He's the director of the project.
And support from other biologists. The findings are still controversial; they may yet be shown to be correct. This is why there are so many biologists on both sides of the issue.
Francis Collins clearly doesn't see it as a difficulty for evolution. Since the 70s, people have been working at seeing how much of non-coding DNA is actually functional. But I'd be interested in seeing your poll of scientists on this issue, and your evidence for it. I'm guessing you just made it up. Show us what you have.
I suggest you read the critiques of ENCODE
I'm guessing you haven't read a lot of the comments. The most strident was by Graur et al, who, I think, went over the line in their attack. There are some concerns about the methodology, which Graur did include in his paper, but there are certainly some unfair and even misleading claims therein.
On the other hand, as you learned earlier, the fact that some non-coding DNA is functional has been known since the 60s. Over the years, more of it has been identified, but 80% is probably an overestimate, given the way that the ENCODE scientists estimated it.
I suspect you haven't read the report or the literature about it.
It states:
We have already seen that ENCODE uses an evolution-free definition of “functionality.”
Graur's paper. Most biologists, even those who doubt the 80% claim, have criticized Graur et al for the unrestrained (and unfair) characterization of the report as being "evolution-free."
ENCODE is right in every way, only the evolutionists are jumping up and down.
The ENCODE scientists are evolutionists. Collins, for example, has written a book explaining how evolution is consistent with Christian belief. You've been lied to about who's on each side of the controversy. As you learned here, ENCODE scientists explain how their discovery fits evolutionary theory.
I like this response from ENCODE:
But Birney said: "I think this attack is really a complaint about big science, about big projects that absorb lots of money. These people don't like that."
Might be some of that. Unlike a lot of scientific disciplines, a lot of the best science comes out of relatively small, underfunded projects. It's the nature of biology.
But no one can say that the Human Genome Project wasn't a huge step forward in evolutionary science. It allowed us to understand a great deal more about those things that evolved to make us human.
This analysis perhaps explains the issue in a more understandable way:
Recent analysis by the ENCODE project indicates that 80% of the entire human genome is either transcribed, binds to regulatory proteins, or is associated with some other biochemical activity.[2]

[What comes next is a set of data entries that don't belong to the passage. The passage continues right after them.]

(* Consider the coupled vapour/liquid heat equations on fixed (transformed) domains \[ \beta_v\big((J_v T_v)_\tau + (a_v T_v)_\xi\big) = k_v\big(J_v^{-1} T_{v,\xi}\big)_\xi,\quad \xi\in\Omega_v=[\xi_0,\delta],\qquad \beta_l\big((J_l T_l)_\tau + (a_l T_l)_\eta\big) = k_l\big(J_l^{-1} T_{l,\eta}\big)_\eta,\quad \eta\in\Omega_l=[\delta,\eta_n], \] with the interface conditions imposed strongly, $T_v = T_l = T_\delta$ at the interface $\xi=\eta=\delta$, where the transformed wave speeds are $a_v = u_v - x_\tau$, $a_l = u_l - x_\tau$, the interface (mesh) velocity $\tilde u_\delta = x_\tau$ at the interface satisfies \[ \rho_v h_{lv}\,\tilde u_\delta = \big[k_l J_l^{-1} T_{l,\eta} - k_v J_v^{-1} T_{v,\xi}\big]_\delta , \] and the interface mass relation $(u_l)_\delta = \gamma (u_v)_\delta + (1-\gamma)\tilde u_\delta$, $\gamma=\rho_v/\rho_l$, holds, so that $(a_v)_\delta = (u_v)_\delta - \tilde u_\delta$ and $(a_l)_\delta = \gamma (a_v)_\delta$. Then, ignoring outer boundary contributions, this strong interface treatment is dissipative and energy bounded if $(a_v)_\delta<0$ and $\tilde u_\delta \ge 0$, and it is energy bounded otherwise.
   Context: Physical setting: a one-dimensional two-phase (vapour $v$, liquid $l$) evaporation problem with a moving evaporation interface $x_\delta(t)$, originally $\beta_v((T_v)_t + u_v (T_v)_x) = k_v (T_v)_{xx}$ on $[x_0,x_\delta]$ and $\beta_l((T_l)_t + u_l (T_l)_x) = k_l (T_l)_{xx}$ on $[x_\delta,x_n]$, with $T_v=T_l=T_\delta$ at $x_\delta(t)$. Here $T$ is temperature, $\rho$ density, $C_p$ specific heat at constant pressure, $k>0$ the scaled heat conduction coefficient, $\beta=\rho C_p>0$; the given evaporation temperature $T_\delta>0$ and latent heat $h_{lv}>0$ are external data; the velocities $u_v,u_l$ are positive. The problem is mapped to fixed domains by time-dependent coordinate transformations $x=x(\xi,\tau)$ (vapour), $x=x(\eta,\tau)$ (liquid), $t=\tau$, with Jacobians $J_v,J_l>0$ satisfying $J_v\xi_x=1$, $J_v\xi_t=-x_\tau$, $(J_v)_\tau+(J_v\xi_t)_\xi=0$ and analogously $J_l\eta_x=1$, $J_l\eta_t=-x_\tau$, $(J_l)_\tau+(J_l\eta_t)_\eta=0$. The paper asserts that $C_0=(\beta_l\gamma-\beta_v)T_\delta^2=\rho_v[(C_p)_l-(C_p)_v]T_\delta^2>0$ and $C_1=2T_\delta\rho_v h_{lv}>0$. The energy is $E(\tau)=\beta_v\int_{\xi_0}^{\delta}T_v^2J_v\,d\xi+\beta_l\int_\delta^{\eta_n}T_l^2J_l\,d\eta$; ''energy bounded'' means (with outer-boundary terms ignored) that $E$ at any time is bounded by its initial value plus the time integral of interface terms that are bounded in terms of the given data (using e.g. that $\int_0^t\tilde u_\delta\,d\tau = x_\delta(t)-x_\delta(0)$ is bounded by the domain size); ''dissipative'' means the interface terms in the energy rate $\frac{dE}{d\tau}+2k_v\int J_v^{-1}T_{v,\xi}^2d\xi+2k_l\int J_l^{-1}T_{l,\eta}^2d\eta$ are non-positive. *)

From Stdlib Require Import Reals.
From Coquelicot Require Import Coquelicot.
Open Scope R_scope.

Definition dx (f : R -> R -> R) : R -> R -> R :=
  fun x t => Derive (fun y => f y t) x.
Definition dt (f : R -> R -> R) : R -> R -> R :=
  fun x t => Derive (fun s => f x s) t.

Definition C1_2d (f : R -> R -> R) : Prop :=
  (forall x t, ex_derive (fun y => f y t) x) /\
  (forall x t, ex_derive (fun s => f x s) t) /\
  (forall x t, continuity_2d_pt f x t) /\
  (forall x t, continuity_2d_pt (dx f) x t) /\
  (forall x t, continuity_2d_pt (dt f) x t).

It however remains controversial whether all of this biochemical activity contributes to cell physiology, or whether a substantial portion of this is the result transcriptional and biochemical noise, which must be actively filtered out by the organism.[11] Excluding protein-coding sequences, introns, and regulatory regions, much of the non-coding DNA is composed of: Many DNA sequences that do not play a role in gene expression have important biological functions. Comparative genomics studies indicate that about 5% of the genome contains sequences of noncoding DNA that are highly conserved, sometimes on time-scales representing hundreds of millions of years, implying that these noncoding regions are under strong evolutionary pressure and positive selection.[12]